Sixth grade passed quickly. For seventh grade my best friend would be bussed to the school in the white neighborhood and I would be bussed to the school in the black neighborhood. For me seventh grade was more of sixth grade…fighting white girls, fighting black girls, a lot of time spent talking to my best friend, a lot of time at her house wanting to learn from her and her mother but mostly a lot of time learning how to fight the war inside me. Eventually, I was freed from that time and place too.
My writing got me accepted into a new school that was billed to be the next FAME. I was EXTREMELY HAPPY when I found it was walking distance from my best friend’s house.
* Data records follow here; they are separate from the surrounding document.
(* The loose integration $(\mathcal A,U,\varphi)$ of $m$ symmetric qualitative formalisms $(\mathcal A_1,U,\varphi_1),\dots,(\mathcal A_m,U,\varphi_m)$ over the same set $U$ is a sequential formalism.
   Context: A finite non-associative algebra is a tuple $(\mathcal A,\cup,\neg,\emptyset,\mathcal B,\diamond,\overline{\cdot},e)$ where $(\mathcal A,\cup,\neg,\emptyset,\mathcal B)$ is a finite Boolean algebra (with $x\cap y=\neg(\neg x\cup\neg y)$) and for all $x,y,z$: $\overline{\overline x}=x$, $\overline{x\cup y}=\overline x\cup\overline y$, $\overline{x\diamond y}=\overline y\diamond\overline x$, $e\diamond x=x\diamond e=x$, $x\diamond(y\cup z)=(x\diamond y)\cup(x\diamond z)$, $(x\diamond y)\cap\overline z=\emptyset\iff(y\diamond z)\cap\overline x=\emptyset$. $\mathcal B$ is the universal relation; $r\subseteq r'$ means $r\cup r'=r'$; atoms are the basic relations; $\mathsf B$ denotes the set of atoms. A symmetric qualitative formalism is a triple $(\mathcal A,U,\varphi)$ with $\mathcal A$ a finite non-associative algebra, $U\neq\emptyset$ and $\varphi:\mathcal A\to2^{U\times U}$ with $\varphi(\emptyset)=\emptyset$, $\varphi(\overline r)=\varphi(r)^{-1}$, $\varphi(r\cap r')=\varphi(r)\cap\varphi(r')$, $\varphi(r\cup r')=\varphi(r)\cup\varphi(r')$, $\varphi(r\diamond r')\supseteq(\varphi(r)\circ\varphi(r'))\cap\varphi(\mathcal B)$. A projection operator from $\mathcal A$ to $\mathcal A'$ is a map $\Rsh$ with $\Rsh(r\cup r')=\Rsh r\cup\Rsh r'$ and $\Rsh\overline r=\overline{\Rsh r}$. A finite multi-algebra is a product $\mathcal A_1\times\cdots\times\mathcal A_m$ of finite non-associative algebras with projection operators $\Rsh_i^j:\mathcal A_i\to\mathcal A_j$ for all distinct $i,j$. Relations $R=(R_1,\dots,R_m)$; basic if all $R_i$ are atoms; universal relation $\mathcal B=(\mathcal B_1,\dots,\mathcal B_m)$; operations and $\subseteq$ componentwise; $B\in R$ means $B$ basic, $B\subseteq R$. The projection closure $\Rsh R$: repeatedly replace $R_j$ by $R_j\cap\Rsh_i^jR_i$ until a fixed point. A sequential formalism is $(\mathcal A,U,\varphi)$ with $\mathcal A$ a finite multi-algebra, $U\ne\emptyset$, $\varphi:\mathcal A\to 2^{U\times U}$ satisfying $\varphi(\Rsh R)=\varphi(R)$, $\varphi(\overline R)=\varphi(R)^{-1}$, $\varphi((\emptyset,\dots,\emptyset))=\emptyset$, $\varphi(R\diamond R')\supseteq(\varphi(R)\circ\varphi(R'))\cap\varphi(\mathcal B)$, $\varphi(R\cap R')=\varphi(R)\cap\varphi(R')$, $\varphi(R)=\bigcup_{B\in R}\varphi(B)$. The loose integration of $(\mathcal A_1,U,\varphi_1),\dots,(\mathcal A_m,U,\varphi_m)$ is $(\mathcal A,U,\varphi)$ where $\mathcal A$ is the multi-algebra $\mathcal A_1\times\cdots\times\mathcal A_m$ with projections defined on atoms $b\in\mathsf B_i$ by $\Rsh_i^jb=\bigcup\{b'\in\mathsf B_j:\varphi_i(b)\cap\varphi_j(b')\neq\emptyset\}$ (extended to all relations by union), and $\varphi(R)=\bigcap_i\varphi_i(R_i)$. *)

(* Finite Boolean algebras are MathComp's finite complemented
   distributive lattices with top and bottom (finCTBDistrLatticeType). *)
From mathcomp Require Import all_boot all_order.
From mathcomp Require Import boolp.
From Stdlib Require Import Relations.Relation_Operators.
(* Schur: [lker T] is [g1]-stable. *)
Lemma twisted_intertwiner_lker0 g1 g2 T : cl_rep g1 -> cl_rep g2 ->
  irreducible_rep g1 -> T != 0 -> twisted_intertwiner g1 g2 T -> lker T == 0%VS.
Proof.
move=> g1_rep g2_rep [_ g1_irr] T_neq0 T_intw.
have [F [F_morph F_gen]] := exists_grade_involution Hcl.
have ker_stable x : (g1 x @: lker T <= lker T)%VS.
  apply/subvP => _ /memv_imgP[u u_ker ->]; rewrite memv_ker in u_ker.
  rewrite memv_ker -comp_lfunE (twisted_intertwinerE g1_rep g2_rep T_intw F_morph F_gen).
  by rewrite comp_lfunE (eqP u_ker) linear0.
have [-> // | ker_full] := g1_irr _ ker_stable.
suff T0 : T = 0 by rewrite T0 eqxx in T_neq0.
by apply/lfunP => u; apply/eqP; rewrite zero_lfunE -memv_ker ker_full memvf.
Qed.

Lemma twisted_intertwiner_inv g1 g2 T : lker T == 0%VS ->
  twisted_intertwiner g1 g2 T -> twisted_intertwiner g2 g1 (T^-1)%VF.
Proof.
move=> kerT T_intw i.
have g2T : (g2 (gen i) \o T = - (T \o g1 (gen i)))%VF by rewrite T_intw comp_lfunNl opprK.
rewrite -[LHS](lker0_compfK kerT) -[((T^-1 \o _) \o T)%VF]comp_lfunA g2T.
by rewrite comp_lfunNr comp_lfunA (lker0_compVf kerT) comp_lfun1l comp_lfunNl.
Qed.

Lemma clrep_morph_twisted g1 g2 T : cl_rep g1 -> cl_rep g2 ->
  twisted_intertwiner g1 g2 T -> clrep_morph h h iota iota g1 g2 (- \1)%VF T.
Proof.
move=> g1_rep g2_rep T_intw; split=> [u v | F F_morph F_gen x].
  by rewrite !opp_lfunE !id_lfunE formNN.
rewrite -(twisted_intertwinerE g1_rep g2_rep T_intw F_morph) // => v.
by rewrite F_gen opp_lfunE id_lfunE.
Qed.

End CliffordRepresentation.

Theorem proposition4p3 (R : realType) (V : vectType R) (h : V -> V -> R)
  (A : algType R) (iota : V -> A)
  (e : (\dim {: V}%VS).-tuple V) (lambda : R[i])
  (S : vectType R[i]) (gammaP gammaM : A -> 'End(S)) :
  quad_form h ->
  odd (\dim {: V}%VS) ->
  is_clifford_algebra h iota ->
  orthonormal_basis h e ->
  lambda ^+ 2 = ((sigma_pq R (sig_p h e) (sig_q h e))%:C)%C ->
  pauli_rep iota e lambda 1 gammaP ->
  pauli_rep iota e lambda (-1) gammaM ->
  [/\ weakly_faithful iota gammaP, weakly_faithful iota gammaM
    & clrep_iso h iota gammaP gammaM].
Proof.
move=> hq odd_d Hcl he _ P_pauli M_pauli.
have [[P_rep [dimS P_irr] _] [M_rep _ _]] := (P_pauli, M_pauli).
have [T T_neq0 T_intw] := exists_twisted_intertwiner hq Hcl he odd_d P_pauli M_pauli.
have kerT := twisted_intertwiner_lker0 Hcl he P_rep M_rep (conj dimS P_irr) T_neq0 T_intw.
split; [exact: (cl_rep_weakly_faithful hq Hcl P_rep dimS) |
        exact: (cl_rep_weakly_faithful hq Hcl M_rep dimS) |].
have negK : ((- \1) \o (- \1) = \1 :> 'End(V))%VF.
  by rewrite comp_lfunNl comp_lfunNr opprK comp_lfun1l.
exists (- \1)%VF, (- \1)%VF, T, T^-1%VF; split=> //.
- exact: (clrep_morph_twisted hq Hcl he P_rep M_rep T_intw).
- exact: (clrep_morph_twisted hq Hcl he M_rep P_rep (twisted_intertwiner_inv kerT T_intw)).
- by split; [apply: lker0_compVf | apply: lker0_compfV].
Qed.
Lemma cheap_from_ball x (T A : R) : enorm (V x) <= A -> 0 < T ->
  T * step_const A < 1 ->
  forall y, enorm (y - (x + T *: V x)) < T / 2 -> cheap_from x y.
Proof.
move=> hA T0 hT y hy; have Tn0 : T != 0 by rewrite gt_eqF.
set d := T^-1 *: (y - x).
have Td : T *: d = y - x by rewrite /d scalerA divff ?scale1r.
have hd : enorm (d - V x) < 2^-1.
  have -> : d - V x = T^-1 *: (y - (x + T *: V x)).
    by apply/rowP => i; rewrite /d !mxE; field.
  exact: enorm_rescale_lt.
have end_y : x + T *: d = y by rewrite Td addrC subrK.
have := segment_cheap (z0 := x) T0 hA hT hd; rewrite end_y Td opprB; apply.
move=> t /andP[t0 tT]; rewrite addrC addKr enormZ ger0_norm //.
by rewrite ler_wpM2r ?enorm_ge0.
Qed.

Lemma cheap_to_ball x (T A : R) : enorm (V x) <= A -> 0 < T ->
  T * step_const A < 1 ->
  forall y, enorm (y - (x - T *: V x)) < T / 2 -> cheap_to x y.
Proof.
move=> hA T0 hT y hy; have Tn0 : T != 0 by rewrite gt_eqF.
set d := T^-1 *: (x - y).
have Td : T *: d = x - y by rewrite /d scalerA divff ?scale1r.
have hd : enorm (d - V x) < 2^-1.
  have -> : d - V x = - (T^-1 *: (y - (x - T *: V x))).
    by apply/rowP => i; rewrite /d !mxE; field.
  by rewrite enormN; exact: enorm_rescale_lt.
have end_x : y + T *: d = x by rewrite Td addrC subrK.
have := segment_cheap (z0 := y) T0 hA hT hd; rewrite end_x Td opprB; apply.
move=> t /andP[t0 tT].
have -> : y + t *: d - x = (t - T) *: d.
  by apply/rowP => i; rewrite /d !mxE; field.
rewrite enormZ ler_wpM2r ?enorm_ge0 // ler0_norm ?subr_le0 //; lra.
Qed.

End Segments.

Lemma small_step_in_nbhs (R : realType) (N : nat) (x v : 'rV[R]_N) (M : R)
    (B : set 'rV[R]_N) : 0 < M -> nbhs x B ->
  exists T, [/\ 0 < T, T * M < 1, B (x + T *: v) & B (x - T *: v)].
Proof.
move=> M0; rewrite -nbhs_nbhs_norm => -[e /= e0 hB].
set Q := M + `|v| / e.
have ve0 : 0 <= `|v| / e by rewrite divr_ge0 // ltW.
have Q0 : 0 < Q by rewrite /Q; lra.
have TQ : (2 * Q)^-1 * Q = 2^-1 by field; lra.
have T0 : 0 < (2 * Q)^-1 by rewrite invr_gt0; lra.
have TM : (2 * Q)^-1 * M <= 2^-1 by rewrite -TQ ler_wpM2l ?(ltW T0) // lerDl.
have Tv : (2 * Q)^-1 * `|v| < e.
  have : (2 * Q)^-1 * (`|v| / e) <= 2^-1.
    by rewrite -TQ ler_wpM2l ?(ltW T0) // lerDr ltW.
  by rewrite mulrA ler_pdivrMr //; lra.
exists (2 * Q)^-1; split=> //; first lra.
- apply: hB; rewrite /ball_ /= opprD addrA subrr add0r normrN normrZ.
  by rewrite gtr0_norm.
- apply: hB; rewrite /ball_ /= opprB addrC subrK normrZ.
  by rewrite gtr0_norm.
Qed.

Section Covering.
Variables (R : realType) (N : nat) (V : 'rV[R]_N -> 'rV[R]_N) (L : R).
Hypothesis hlip : lipschitz_with V L.
Variable P : 'rV[R]_N.
Implicit Types x y : 'rV[R]_N.

(* x lies in the closure of the interior of the cheap endpoints: short drift
   steps from x land in that interior and approach x. *)
Lemma cheap_from_interior_closure x : closure (interior (cheap_from V P x)) x.
Proof.
have M0 : 0 < step_const L P (enorm (V x)).
  by have := step_const_ge2 hlip P (enorm_ge0 (V x)); lra.
move=> B /(small_step_in_nbhs (V x) M0) [T [T0 TM Bfwd _]].
exists (x + T *: V x); split=> //.
apply: (enorm_ball_interior (c := x + T *: V x) (r := T / 2)).
  exact: cheap_from_ball (lexx _) T0 TM.
by rewrite subrr enorm0 divr_gt0.
Qed.

(* Likewise with backward drift steps for the cheap starting points. *)
Lemma cheap_to_interior_closure x : closure (interior (cheap_to V P x)) x.
Proof.
have M0 : 0 < step_const L P (enorm (V x)).
  by have := step_const_ge2 hlip P (enorm_ge0 (V x)); lra.
move=> B /(small_step_in_nbhs (V x) M0) [T [T0 TM _ Bbwd]].
exists (x - T *: V x); split=> //.
apply: (enorm_ball_interior (c := x - T *: V x) (r := T / 2)).
  exact: cheap_to_ball (lexx _) T0 TM.
by rewrite subrr enorm0 divr_gt0.
Qed.

(* A step duration at y short enough for the drift to change by at most 1/4
   along the step, while still admissible for the bound |V| <= |V(y)| + 1. *)
Definition cover_time y : R := (2 * step_const L P (enorm (V y) + 1))^-1.

Lemma cover_time_admissible y :
  0 < cover_time y /\ cover_time y * step_const L P (enorm (V y) + 1) < 1.
Proof.
set M := step_const L P (enorm (V y) + 1).
have M2 : 2 <= M by apply: (step_const_ge2 hlip); rewrite addr_ge0 ?enorm_ge0.
rewrite /cover_time -/M; split; first by rewrite invr_gt0; lra.
have -> : (2 * M)^-1 * M = 2^-1 by field; lra.
lra.
Qed.

Lemma drift_moves_little y (u : R) : `|u| <= cover_time y ->
  enorm (V (y + u *: V y) - V y) <= 4^-1.
Proof.
have [L0 hL] := hlip; have P0 := enorm_ge0 P; have e0 := enorm_ge0 (V y).
set e := enorm (V y); set M := step_const L P (e + 1) => hu.
have [s0 sM] := cover_time_admissible y; rewrite -/e -/M in sM.
have Le : L * e <= M / 2.
  have h1 : L * e <= L * (e + 1 + 1) by rewrite ler_wpM2l // -addrA lerDl.
  have h2 : 0 <= enorm P * (e + 1 + 1) by rewrite mulr_ge0 // !addr_ge0.
  have -> : M / 2 = 1 + L * (e + 1 + 1) + enorm P * (e + 1 + 1).
    by rewrite /M /step_const; field.
  lra.
have := hL (y + u *: V y) y; rewrite addrAC subrr add0r enormZ -/e => h.
apply: le_trans h _; rewrite mulrCA.
have Lu : `|u| * (L * e) <= cover_time y * (M / 2).
  by apply: ler_pM; rewrite ?mulr_ge0.
have M2 : 2 <= M by apply: (step_const_ge2 hlip); rewrite addr_ge0.
apply: le_trans Lu _; rewrite /cover_time -/M -/e.
by rewrite [leLHS](_ : _ = 4^-1) //; field; lra.
Qed.

(* Every y is a cheap endpoint for the point x reached from y by following the
   drift backwards for the cover time. *)
Lemma cheap_from_cover : \bigcup_x interior (cheap_from V P x) = [set: 'rV[R]_N].
Proof.
apply/seteqP; split=> // y _; have [s0 sM] := cover_time_admissible y.
set s := cover_time y in s0 sM *; set x := y - s *: V y.
have hd : enorm (V x - V y) <= 4^-1.
  by rewrite /x -scaleNr; apply: drift_moves_little; rewrite normrN gtr0_norm.
have hA : enorm (V x) <= enorm (V y) + 1.
  by have := enorm_triangle (V x - V y) (V y); rewrite subrK; lra.
exists x => //; apply: (enorm_ball_interior (c := x + s *: V x) (r := s / 2)).
  exact: cheap_from_ball hA s0 sM.
have -> : y - (x + s *: V x) = - (s *: (V x - V y)).
  by apply/rowP => i; rewrite /x !mxE; ring.
rewrite enormN enormZ gtr0_norm //.
have : s * enorm (V x - V y) <= s * 4^-1 by rewrite ler_wpM2l // ltW.
lra.
Qed.

(* Symmetrically, following the drift forward from y gives a point x for which
   y is a cheap starting point. *)
Lemma cheap_to_cover : \bigcup_x interior (cheap_to V P x) = [set: 'rV[R]_N].
Proof.
apply/seteqP; split=> // y _; have [s0 sM] := cover_time_admissible y.
set s := cover_time y in s0 sM *; set x := y + s *: V y.
have hd : enorm (V x - V y) <= 4^-1.
  by apply: drift_moves_little; rewrite gtr0_norm.
have hA : enorm (V x) <= enorm (V y) + 1.
  by have := enorm_triangle (V x - V y) (V y); rewrite subrK; lra.
exists x => //; apply: (enorm_ball_interior (c := x - s *: V x) (r := s / 2)).
  exact: cheap_to_ball hA s0 sM.
have -> : y - (x - s *: V x) = s *: (V x - V y).
  by apply/rowP => i; rewrite /x !mxE; ring.
rewrite enormZ gtr0_norm //.
have : s * enorm (V x - V y) <= s * 4^-1 by rewrite ler_wpM2l // ltW.
lra.
Qed.

End Covering.

Lemma one_le_threshold (R : realType) (N : nat) (P : 'rV[R]_N) (L delta : R) :
  0 <= L -> delta < 1 -> (1%:E <= 1%:E + (enorm P)%:E * rV L delta)%E.
Proof.
move=> L0 d1; rewrite leeDl // mule_ge0 ?lee_fin ?enorm_ge0 //.
by rewrite /rV; case: eqP => // _; rewrite lee_fin divr_ge0 // subr_ge0 ltW.
Qed.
The School of the Arts was a very special place. At the very least the first 352 of us who attended made that place a utopia for the very first few years. We had our ups and downs but for the most part everyone was accepted and loved for exactly who they were…no matter what color, what race, what religion, what sexual preference or how strange we were to the outside world.
My journey would continue and for a long time I would be a brown Cuban who hated white people especially white women. My journey would lead me to other women who would mold me but this part of my journey made me stronger, more confident and willing to fight for myself. I will forever be grateful to Maisha and Pat for taking the time to free the mind of this child.
For the ONLY mission in life should be empowering the next generation so their minds can be free!